Henry David Thoreau stated the obvious, “In wildness is the preservation of the world.”  It is the wildness we should be discussing instead of calling something wilderness or parks.  A few years ago, public meetings were held across Iowa to determine what needed to be done to take care of our parks.  Money and dwindling budgets were considered along with increasing park camping fees.

After an hour-long feast on what the public wanted, the overwhelming outcome was a long list of developments.  We wanted more mowing, more trails and uses, more electricity, more lights, bigger campgrounds, bathrooms, and playgrounds.  The most sensible financial solution offered to accomplish these “improvements” was to plant corn for income on parts of the parks we don’t use.

Surprisingly, the greatest support for parks comes from people who never go to them. They just know parks are important.  Parks improve water quality in our lakes and streams.  They preserve places of scientific importance and quiet beauty.  They are “living” historical monuments and outdoor classrooms.  More importantly, these parks symbolize our maturity as a state which recognizes the importance of placing limits on development now and for future generations.

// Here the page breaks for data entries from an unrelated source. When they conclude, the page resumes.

Lemma ev_eq_transr x a b : ev_eq a b -> ev_eq x a <-> ev_eq x b.
Proof. by move=> Eab; split=> E; [apply: ev_eq_trans E Eab | apply: ev_eq_trans E (ev_eq_sym Eab)]. Qed.

Lemma ev_eq_label a b : ev_eq a b -> label a = label b.
Proof. by case/ev_eq_inv. Qed.

Lemma mem_ev_In x H : List.In x H -> mem_ev x H.
Proof. by exists x; split; last exact: ev_eq_refl. Qed.

Lemma mem_ev_eq x y H : ev_eq x y -> mem_ev y H -> mem_ev x H.
Proof. by move=> Exy [z [Hz Eyz]]; exists z; split; last exact: ev_eq_trans Eyz. Qed.

Lemma mem_ev_incl x H H' : mem_ev x H -> incl_ev H H' -> mem_ev x H'.
Proof. by move=> [y [Hy Exy]] /(_ y Hy); apply: mem_ev_eq. Qed.

Lemma incl_ev_refl H : incl_ev H H.
Proof. by move=> x /mem_ev_In. Qed.

Lemma incl_ev_trans H1 H2 H3 : incl_ev H1 H2 -> incl_ev H2 H3 -> incl_ev H1 H3.
Proof. by move=> I12 I23 x /I12 /mem_ev_incl; apply. Qed.

Lemma same_set_refl H : same_set H H.
Proof. by split; apply: incl_ev_refl. Qed.

Lemma same_set_sym H H' : same_set H H' -> same_set H' H.
Proof. by case. Qed.

Lemma same_set_trans H1 H2 H3 : same_set H1 H2 -> same_set H2 H3 -> same_set H1 H3.
Proof. by move=> [I12 I21] [I23 I32]; split; apply: incl_ev_trans; eassumption. Qed.

Lemma same_setP H H' : same_set H H' <-> forall x, mem_ev x H <-> mem_ev x H'.
Proof.
split=> [[I I'] x | E]; last by split=> x /mem_ev_In /E.
by split=> /mem_ev_incl; apply.
Qed.

Lemma mem_ev_nil x : ~ mem_ev x [::].
Proof. by case=> y []. Qed.

Lemma mem_ev_cons x y s : mem_ev x (y :: s) <-> ev_eq x y \/ mem_ev x s.
Proof.
split=> [[z [[<- | Hz] Exz]] | [Exy | [z [Hz Exz]]]]; first by left.
- by right; exists z.
- by exists y; split; first left.
- by exists z; split; first right.
Qed.

Lemma mem_ev1 x y : mem_ev x [:: y] <-> ev_eq x y.
Proof.
rewrite mem_ev_cons; split; last by left.
by case=> // /mem_ev_nil.
Qed.

Lemma mem_ev_cat x s1 s2 : mem_ev x (s1 ++ s2) <-> mem_ev x s1 \/ mem_ev x s2.
Proof.
elim: s1 => [|y s1 IH] /=; first by split=> [|[/mem_ev_nil|]] //; right.
by rewrite !mem_ev_cons IH; tauto.
Qed.

Lemma same_set_remove a a' s u v : ev_eq a a' -> ~ mem_ev a s -> ~ mem_ev a' (u ++ v) ->
  same_set (a :: s) (u ++ a' :: v) -> same_set s (u ++ v).
Proof.
move=> Ea Na Na' /same_setP S; apply/same_setP => x; have := S x.
rewrite !mem_ev_cons !mem_ev_cat mem_ev_cons (ev_eq_transr x Ea).
have Ns : mem_ev x s -> ~ ev_eq x a'.
  by move=> M Exa'; apply/Na/(mem_ev_eq _ M)/(ev_eq_trans Ea)/ev_eq_sym.
have Nuv : mem_ev x u \/ mem_ev x v -> ~ ev_eq x a'.
  by move=> /mem_ev_cat M Exa'; apply/Na'/(mem_ev_eq _ M); apply: ev_eq_sym.
tauto.
Qed.

Lemma ev_eq_hist a b : ev_eq a b -> same_set (hist a) (hist b).
Proof.
case/ev_eq_inv=> _ Iab Iba; split=> // y /Iba [x [Hx Exy]].
by exists x; split; last exact: ev_eq_sym.
Qed.

Lemma ev_eq_same_hist a b : label a = label b -> same_set (hist a) (hist b) -> ev_eq a b.
Proof.
move=> Lab [Iab Iba]; apply: ev_eq_intro => // y /Iba [x [Hx Eyx]].
by exists x; split; last exact: ev_eq_sym.
Qed.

We must stop ALL development within these remaining core areas TODAY!  We must begin removing much of the development that already happened. We need to provide real protection to these last scraps by designating additional land to surround and buffer them.  And most importantly, we need to create greenways, blueways, or living corridors — REAL trails, some miles wide, to link these areas together so the flow of life and re-creation can continue.

High Opportunity Area for Cooperative Conservation Actions a Identified in the Iowa Wildlife Action Plan (Source: Iowa’s 2017 Iowa Department of Natural Resources Wildlife Action Plan)

Iowa now is a barrier for species trying to migrate or even adjust to climate change.  Wild animals struggle to cross this monoculture madness of corn and beans without getting poisoned, shot, or run over.  We don’t have room in this state for two wolves last year who found themselves here by mistake.  Once every few years a moose or bear or even a lost mountain lion is killed as we provide no legal protection for them.

This applies to many other species also.  For example, the Lesser Scaup duck, the most common diving duck in North America, is finding it extremely difficult to migrate across Iowa due to poor water quality and lack of food.  Their numbers are dwindling as they starve to death or lose so much body weight they can’t reproduce.

As our water quality continues to deteriorate along with species diversity, the budgets for environmental programs have steadily decreased over the years.  The prevailing political agenda is we must increase usage and develop parks in order to save them.

With so few places to get away from it all and experience the great outdoors, we find little left to exploit.  The guiding philosophy is perverted into — we must get people out in nature so they can grow to love it and then they will want to protect it.  We have been taking that approach for way too many years and are left with little protected for other species.

Every natural area in Iowa is isolated, separated as tiny islands that cannot maintain their biological diversity and health.  They are losing their wildness and yet we are told the more use the better.  Some say, if we can’t pay and care for these areas then we should get rid of them.  Actually, we are, as parks will never pay for themselves in strict economic terms; nor will our rivers, our old trees, and our air.

Which path now?  The way divides.  We could choose the path not taken.  We could allow for wildness even though we don’t understand quite yet how it sustains us and the rest of the world.  We could be wilder ourselves allowing wildness to show us the way.

What kind of state do you want to live in?  If the parks’ future and wildness depend on the few who vote, the outcome will be decided by politicians and profit, not life.  What if everyone and every being voted?  I think the trees, flowers, bugs, and birds would win.  They might just leave us alone, hungry, and isolated in silence.  Now that is wild!